Justice Gorsuch said the court should have taken up the case of Ramin Khorrami, an Arizona man convicted by an eight-member criminal jury of fraud and theft. Arizona is one of six states that allow six- or eight-person juries to hear felony cases.

"By the time of the Sixth Amendment's adoption, the 12-person criminal jury was 'an institution with a nearly 400-year-old tradition in England,'" the justice said. The dozen-member jury was "long and justly considered inviolable," he said, suggesting the framers may have taken it as so obvious and accepted they didn't think it needed spelling out.

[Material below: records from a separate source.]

(* For every integer $n\ge 0$, $$\Phi^{(1)}[a; b, b'; cq^{-n}; x, y] = \frac{1}{(q/c; q)_n} \sum_{k=0}^n \begin{bmatrix} n \\ k \end{bmatrix} (-c)^{k-n} q^{\binom{n+1-k}{2}} \Phi^{(1)}[a; b, b'; c; xq^k, yq^k]$$ and $$\Phi^{(1)}[a; b, b'; cq^n; x, y] = \sum_{k=0}^n \begin{bmatrix} n \\ k \end{bmatrix} c^k q^{2\binom{k}{2}} (cq^k; q)_{n-k}\, \Phi^{(1)}[a; b, b'; cq^k; xq^k, yq^k].$$
   Context: Let $q$ be a complex number with $0<|q|<1$. For complex $z$ and integer $m\ge 0$, $(z;q)_m=\prod_{j=0}^{m-1}(1-zq^j)$, with $(z;q)_0=1$. For integers $0\le k\le n$, $\begin{bmatrix} n \\ k \end{bmatrix}=\frac{(q;q)_n}{(q;q)_k(q;q)_{n-k}}$ is the $q$-binomial coefficient, and $\binom{j}{2}=j(j-1)/2$. The $q$-Appell function $\Phi^{(1)}$ is $$\Phi^{(1)}[a; b, b'; c; x, y] = \sum_{m, n \geq 0} \frac{(a; q)_{m+n} (b; q)_m (b'; q)_n}{(q; q)_m (q; q)_n (c; q)_{m+n}} x^m y^n.$$ Identities are understood as identities of power series in $x,y$ (formal, or convergent for small $|x|,|y|$), with complex parameters chosen so that no denominator occurring vanishes. *)

From HB Require Import structures.
From mathcomp Require Import all_boot all_order all_algebra.
From mathcomp Require Import reals.
From mathcomp Require Import complex.
Set Implicit Arguments. Unset Strict Implicit. Unset Printing Implicit Defensive.
Import Order.TTheory GRing.Theory Num.Theory.
Local Open Scope ring_scope.

Section Defs.
Variable F : fieldType.

Definition qpoch (q z : F) (m : nat) : F := \prod_(j < m) (1 - z * q ^+ j).

Definition qbinom (q : F) (n k : nat) : F :=
  qpoch q q n / (qpoch q q k * qpoch q q (n - k)).

(* A formal power series in x, y is represented by its coefficient
   function: (m, l) |-> coefficient of x^m y^l. *)
Definition fps2 := nat -> nat -> F.

Definition Phi1 (q a b b' c : F) : fps2 := fun m l =>
  qpoch q a (m + l) * qpoch q b m * qpoch q b' l
  / (qpoch q q m * qpoch q q l * qpoch q c (m + l)).

(* the series G(x,y) := S(t x, t y) *)
Definition subst_scale (t : F) (S : fps2) : fps2 := fun m l => t ^+ (m + l) * S m l.

Definition fps_scale (s : F) (S : fps2) : fps2 := fun m l => s * S m l.
Definition fps_sum (n : nat) (S : nat -> fps2) : fps2 :=
  fun m l => \sum_(k < n.+1) S k m l.
End Defs.

(** Both identities are checked coefficientwise.  The coefficient of
    [x^m y^l] in [Phi1 q a b b' c] is a numerator independent of [c] divided
    by [(c;q)_N], with [N = m + l], and substituting [x q^k, y q^k] multiplies
    it by [q^(kN)].  Each identity thus reduces to an identity between
    reciprocals of q-Pochhammer symbols.  For the first it is the q-binomial
    theorem [sum_k [n k] y^k q^(k(k-1)/2) t^(n-k) = prod_(i<n) (t + y q^i)]
    at [t = q^N], [y = -q/c], combined with
    [(q/c;q)_n (c;q)_N = (c q^-n;q)_N prod_(i<n) (q^N - q^(i+1)/c)].
    For the second it is the expansion
    [sum_k [n k] w^k q^(k(k-1)) (w q^k;q)_(n-k) = 1] at [w = c q^N].  Both
    sums are evaluated by induction on [n] through the q-Pascal rule. *)
From HB Require Import structures.
From mathcomp Require Import all_boot all_order all_algebra.
From mathcomp Require Import reals complex ring zify.
From mathcomp Require Import boolp.
Set Implicit Arguments. Unset Strict Implicit. Unset Printing Implicit Defensive.
Import Order.TTheory GRing.Theory Num.Theory.
Local Open Scope ring_scope.

Section QPochhammer.
Variable F : fieldType.
Implicit Types q z : F.

Lemma qpoch0 q z : qpoch q z 0 = 1.
Proof. by rewrite /qpoch big_ord0. Qed.

Lemma qpoch_base0 q m : qpoch q 0 m = 1.
Proof. by rewrite /qpoch big1 // => i _; rewrite mul0r subr0. Qed.

Lemma qpoch_recr q z m : qpoch q z m.+1 = qpoch q z m * (1 - z * q ^+ m).
Proof. by rewrite /qpoch big_ord_recr. Qed.

Lemma qpoch_recl q z m : qpoch q z m.+1 = (1 - z) * qpoch q (z * q) m.
Proof.
rewrite /qpoch big_ord_recl expr0 mulr1; congr (_ * _).
by apply: eq_bigr => i _; rewrite lift0 exprS mulrA.
Qed.

Lemma qpochD q z m p : qpoch q z (m + p) = qpoch q z m * qpoch q (z * q ^+ m) p.
Proof.
elim: p => [|p IHp]; first by rewrite addn0 qpoch0 mulr1.
by rewrite addnS !qpoch_recr IHp exprD !mulrA.
Qed.

Lemma qpochDC q z m p :
  qpoch q z m * qpoch q (z * q ^+ m) p = qpoch q z p * qpoch q (z * q ^+ p) m.
Proof. by rewrite -!qpochD addnC. Qed.

Lemma qpoch_neq0 q z m : (forall i, z * q ^+ i != 1) -> qpoch q z m != 0.
Proof. by move=> zqi_neq1; apply/prodf_neq0 => i _; rewrite subr_eq0 eq_sym. Qed.

Lemma qpoch_shift_neq0 q z m p :
  (forall i, z * q ^+ i != 1) -> qpoch q (z * q ^+ p) m != 0.
Proof. by move=> zqi_neq1; apply: qpoch_neq0 => i; rewrite -mulrA -exprD. Qed.

(* With [c = d q^n] this reads
   [(q/c;q)_n (c;q)_N = (c q^-n;q)_N prod_(i<n) (q^N - q^(i+1)/c)]. *)
Lemma prod_qpoch_reflect q d n N : q != 0 -> d != 0 ->
  \prod_(i < n) (q ^+ N - q / (d * q ^+ n) * q ^+ i) * qpoch q d N =
  qpoch q (q / (d * q ^+ n)) n * qpoch q (d * q ^+ n) N.
Proof.
move=> q_neq0 d_neq0; elim: N => [|N IHN].
  by rewrite !qpoch0 !mulr1 expr0.
rewrite !qpoch_recr [RHS]mulrA -IHN.
case: n {IHN} => [|n]; first by rewrite !big_ord0 expr0 mulr1 !mul1r.
rewrite big_ord_recl big_ord_recr.
under eq_bigr => i _ do
  rewrite lift0 [q ^+ N.+1]exprS [q ^+ i.+1]exprS mulrCA -mulrBr.
rewrite big_split /= prodr_const card_ord.
have qn_neq0 : q ^+ n != 0 by rewrite expf_neq0.
set P := \prod_(i < n) _; rewrite !exprS expr0.
by field; rewrite d_neq0 q_neq0 qn_neq0.
Qed.

End QPochhammer.

Section QBinomial.
Variables (F : fieldType) (q : F).
Hypothesis qq_neq0 : forall m, qpoch q q m != 0.

Lemma qbinomn0 n : qbinom q n 0 = 1.
Proof. by rewrite /qbinom qpoch0 subn0 mul1r divff. Qed.

Lemma qbinomnn n : qbinom q n n = 1.
Proof. by rewrite /qbinom subnn qpoch0 mulr1 divff. Qed.

Lemma qbinom_sym n k : (k <= n)%N -> qbinom q n (n - k) = qbinom q n k.
Proof. by move=> le_kn; rewrite /qbinom subKn // [qpoch q q k * _]mulrC. Qed.

(* The bound [k < n] matters: for [k > n] the truncated subtraction turns
   [qbinom q n k] into a nonzero junk value. *)
Lemma qbinomS n k : (k < n)%N ->
  qbinom q n.+1 k.+1 = q ^+ k.+1 * qbinom q n k.+1 + qbinom q n k.
Proof.
move=> /subnKC <-; set j := (n - k.+1)%N; rewrite /qbinom.
have -> : ((k.+1 + j).+1 - k.+1 = j.+1)%N by lia.
have -> : ((k.+1 + j) - k.+1 = j)%N by lia.
have -> : ((k.+1 + j) - k = j.+1)%N by lia.
move: (qq_neq0 k.+1) (qq_neq0 j.+1).
rewrite (qpoch_recr q q (k.+1 + j)) !qpoch_recr !mulf_eq0 !negb_or.
move=> /andP[qk_neq0 qk1_neq0] /andP[qj_neq0 qj1_neq0].
rewrite exprD !exprS.
by field; rewrite qk_neq0 qj_neq0 qk1_neq0 qj1_neq0.
Qed.

Lemma big_qbinomS n (G : nat -> F) :
  \sum_(0 <= k < n.+2) qbinom q n.+1 k * G k =
  \sum_(0 <= k < n.+1) q ^+ k * qbinom q n k * G k +
  \sum_(0 <= k < n.+1) qbinom q n k * G k.+1.
Proof.
rewrite big_nat_recl // big_nat_recr //= [in RHS]big_nat_recl //.
rewrite [X in _ = _ + X]big_nat_recr //=.
have -> : \sum_(0 <= i < n) qbinom q n.+1 i.+1 * G i.+1 =
    \sum_(0 <= i < n) q ^+ i.+1 * qbinom q n i.+1 * G i.+1 +
    \sum_(0 <= i < n) qbinom q n i * G i.+1.
  rewrite -big_split; apply: eq_big_nat => i /andP[_ lt_in].
  by rewrite qbinomS // mulrDl mulrA.
rewrite !qbinomn0 !qbinomnn expr0.
set A := \sum_(0 <= i < n) _; set B := \sum_(0 <= i < n) _.
ring.
Qed.

Lemma qbinomial_theorem n y t :
  \sum_(0 <= k < n.+1) qbinom q n k * (y ^+ k * q ^+ 'C(k, 2) * t ^+ (n - k)) =
  \prod_(i < n) (t + y * q ^+ i).
Proof.
elim: n y => [|n IHn] y; first by rewrite big_nat1 big_ord0 qbinomn0 !expr0 !mul1r.
set S := \sum_(0 <= k < n.+1)
  qbinom q n k * ((y * q) ^+ k * q ^+ 'C(k, 2) * t ^+ (n - k)).
rewrite big_qbinomS.
have -> : \sum_(0 <= k < n.+1) q ^+ k * qbinom q n k *
    (y ^+ k * q ^+ 'C(k, 2) * t ^+ (n.+1 - k)) = t * S.
  rewrite mulr_sumr; apply: eq_big_nat => k /andP[_ le_kn].
  by rewrite subSn // exprS exprMn; ring.
have -> : \sum_(0 <= k < n.+1) qbinom q n k *
    (y ^+ k.+1 * q ^+ 'C(k.+1, 2) * t ^+ (n.+1 - k.+1)) = y * S.
  rewrite mulr_sumr; apply: eq_big_nat => k _.
  by rewrite subSS binS bin1 exprD exprS exprMn; ring.
rewrite /S IHn -mulrDl big_ord_recl expr0 mulr1; congr (_ * _).
by apply: eq_bigr => i _; rewrite lift0 exprS mulrA.
Qed.

Lemma qbinomial_theorem_rev n y t :
  \sum_(0 <= k < n.+1) qbinom q n k * (y ^+ (n - k) * q ^+ 'C(n - k, 2) * t ^+ k) =
  \prod_(i < n) (t + y * q ^+ i).
Proof.
rewrite -qbinomial_theorem big_nat_rev /= add0n.
apply: eq_big_nat => k /andP[_ lt_kn1].
by rewrite subSS qbinom_sym ?subKn // -ltnS.
Qed.

Lemma sum_qbinom_qpoch_eq1 n w :
  \sum_(0 <= k < n.+1)
    qbinom q n k * (w ^+ k * q ^+ (2 * 'C(k, 2)) * qpoch q (w * q ^+ k) (n - k)) = 1.
Proof.
elim: n w => [|n IHn] w; first by rewrite big_nat1 qbinomn0 !expr0 qpoch0 !mul1r.
rewrite big_qbinomS -(IHn (w * q)) -big_split /=.
apply: eq_big_nat => k /andP[_ le_kn].
rewrite subSn // subSS qpoch_recl binS bin1 mulnDr exprD.
have -> : w * q ^+ k * q = w * q * q ^+ k by rewrite mulrAC.
have -> : w * q ^+ k.+1 = w * q * q ^+ k by rewrite exprS mulrA.
set Q := qpoch _ _ _; rewrite !mul2n -!addnn !exprD exprS exprMn.
ring.
Qed.

Lemma qbinomial_theorem_inv n c t :
  \sum_(k < n.+1) qbinom q n k * (- c) ^ (k%:Z - n%:Z) * q ^+ 'C(n.+1 - k, 2) * t ^+ k =
  \prod_(i < n) (t - q / c * q ^+ i).
Proof.
under [RHS]eq_bigr do rewrite -mulNr.
rewrite -qbinomial_theorem_rev big_mkord; apply: eq_bigr => -[k /= lt_kn1] _.
have [j ->] : exists j, n = (k + j)%N by exists (n - k)%N; rewrite subnKC // -ltnS.
have -> : ((k + j).+1 - k = j.+1)%N by lia.
have -> : (k + j - k = j)%N by lia.
have -> : k%:Z - (k + j)%:Z = - j%:Z by rewrite PoszD opprD addrA subrr add0r.
rewrite -exprnN binS bin1 exprD -mulrN -invrN exprMn exprVn.
ring.
Qed.

End QBinomial.

Lemma Phi1E (F : fieldType) (q a b b' c : F) m l :
  Phi1 q a b b' c m l = Phi1 q a b b' 0 m l / qpoch q c (m + l).
Proof. by rewrite /Phi1 qpoch_base0 mulr1 invfM mulrA. Qed.

Lemma Phi1_expand (F : fieldType) (q a b b' c r : F) n (s c_ : nat -> F) :
    (forall N, (qpoch q c N)^-1 =
               r * \sum_(k < n.+1) s k * (q ^+ k) ^+ N / qpoch q (c_ k) N) ->
  Phi1 q a b b' c =
  fps_scale r (fps_sum n (fun k =>
    fps_scale (s k) (subst_scale (q ^+ k) (Phi1 q a b b' (c_ k))))).
Proof.
move=> qpochV; apply/funext => m; apply/funext => l.
rewrite /fps_scale /fps_sum /subst_scale Phi1E qpochV mulrCA mulr_sumr.
congr (_ * _); apply: eq_bigr => k _; rewrite [in RHS]Phi1E.
by ring.
Qed.

Section Phi1Coefficients.
Variables (F : fieldType) (q : F).
Hypothesis qq_neq0 : forall m, qpoch q q m != 0.

Lemma qpochV_shift_down c n N : q != 0 -> c != 0 ->
    (forall j, c * q ^- n * q ^+ j != 1) -> qpoch q (q / c) n != 0 ->
  (qpoch q (c * q ^- n) N)^-1 =
  (qpoch q (q / c) n)^-1 * \sum_(k < n.+1)
    qbinom q n k * (- c) ^ (k%:Z - n%:Z) * q ^+ 'C(n.+1 - k, 2) * (q ^+ k) ^+ N /
    qpoch q c N.
Proof.
move=> q_neq0 c_neq0 dqj_neq1 qc_neq0; set d := c * q ^- n.
have qn_neq0 : q ^+ n != 0 by rewrite expf_neq0.
have d_neq0 : d != 0 by rewrite mulf_neq0 // invr_neq0.
have cE : c = d * q ^+ n by rewrite /d mulfVK.
have qd_neq0 : qpoch q d N != 0 by apply: qpoch_neq0.
have qc_N_neq0 : qpoch q c N != 0 by rewrite cE qpoch_shift_neq0.
rewrite -mulr_suml.
under eq_bigr do rewrite exprAC.
rewrite qbinomial_theorem_inv //.
have := prod_qpoch_reflect n N q_neq0 d_neq0; rewrite -cE => reflectE.
rewrite -[\prod_(i < n) _](mulfK qd_neq0) reflectE.
by field; rewrite qc_neq0 qc_N_neq0 qd_neq0.
Qed.

Lemma qpochV_shift_up c n N : (forall j, c * q ^+ j != 1) ->
  (qpoch q (c * q ^+ n) N)^-1 =
  \sum_(k < n.+1) qbinom q n k * c ^+ k * q ^+ (2 * 'C(k, 2)) *
    qpoch q (c * q ^+ k) (n - k) * (q ^+ k) ^+ N / qpoch q (c * q ^+ k) N.
Proof.
move=> cqj_neq1.
rewrite -[LHS]mulr1 -(sum_qbinom_qpoch_eq1 qq_neq0 n (c * q ^+ N)).
rewrite big_mkord mulr_sumr; apply: eq_bigr => -[k /=]; rewrite ltnS => le_kn _.
have := qpochDC q (c * q ^+ k) (n - k) N.
rewrite -mulrA -exprD subnKC // [c * q ^+ k * q ^+ N]mulrAC => shiftE.
have qn_neq0 := qpoch_shift_neq0 N n cqj_neq1.
have qk_neq0 := qpoch_shift_neq0 N k cqj_neq1.
rewrite -[qpoch q (c * q ^+ N * q ^+ k) _](mulKf qk_neq0) -shiftE exprMn exprAC.
by field; rewrite qn_neq0 qk_neq0.
Qed.

End Phi1Coefficients.

Lemma qpoch_qq_neq0 (F : numFieldType) (q : F) m : `|q| < 1 -> qpoch q q m != 0.
Proof.
move=> q_lt1; apply: qpoch_neq0 => i; rewrite -exprS.
have : `|q ^+ i.+1| < 1 by rewrite normrX exprn_ilt1 ?normr_ge0.
by apply: contraTneq => ->; rewrite normr1 ltxx.
Qed.

Lemma fps_scale1 (F : fieldType) (S : fps2 F) : fps_scale 1 S = S.
Proof. by apply/funext => m; apply/funext => l; rewrite /fps_scale mul1r. Qed.

Theorem theorem5 (R : realType) (q a b b' c : R[i]) (n : nat) :
  0 < `|q| < 1 ->
  (* first identity: denominators (c q^{-n}; q)_j, (q/c; q)_n nonzero, c <> 0 *)
  ((c != 0 -> (forall j : nat, c * q ^- n * q ^+ j != 1) ->
      qpoch q (q / c) n != 0 ->
    Phi1 q a b b' (c * q ^- n) =
    fps_scale (qpoch q (q / c) n)^-1
      (fps_sum n (fun k =>
         fps_scale (qbinom q n k * (- c) ^ (k%:Z - n%:Z) * q ^+ 'C(n.+1 - k, 2))
           (subst_scale (q ^+ k) (Phi1 q a b b' c)))))
  /\
  (* second identity: denominators (c q^j; q) nonzero *)
  ((forall j : nat, c * q ^+ j != 1) ->
    Phi1 q a b b' (c * q ^+ n) =
    fps_sum n (fun k =>
       fps_scale (qbinom q n k * c ^+ k * q ^+ (2 * 'C(k, 2)) * qpoch q (c * q ^+ k) (n - k))
         (subst_scale (q ^+ k) (Phi1 q a b b' (c * q ^+ k)))))).
Proof.
move=> /andP[q_gt0 q_lt1].
have q_neq0 : q != 0 by rewrite -normr_gt0.
have qq_neq0 m : qpoch q q m != 0 by exact: qpoch_qq_neq0.
split.
- move=> c_neq0 dqj_neq1 qc_neq0; apply: Phi1_expand => N.
  exact: qpochV_shift_down.
- move=> cqj_neq1; rewrite -[fps_sum _ _]fps_scale1; apply: Phi1_expand => N.
  by rewrite mul1r qpochV_shift_up.
Qed.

Smaller juries are "less likely to include members of 'minority groups' and thus threaten to deprive defendants of a fair possibility of obtaining a jury composed of a representative cross-section of the community," Gorsuch wrote Monday.

Monday's dissent noted that Justice Brett Kavanaugh also would have voted to take up the case.

The other five states that allow felony juries of fewer than 12 are Connecticut, Florida, Indiana, Massachusetts and Utah, according to the Supreme Court petition.

The case is Khorrami v. Arizona, case number 21-1553, in the U.S. Supreme Court.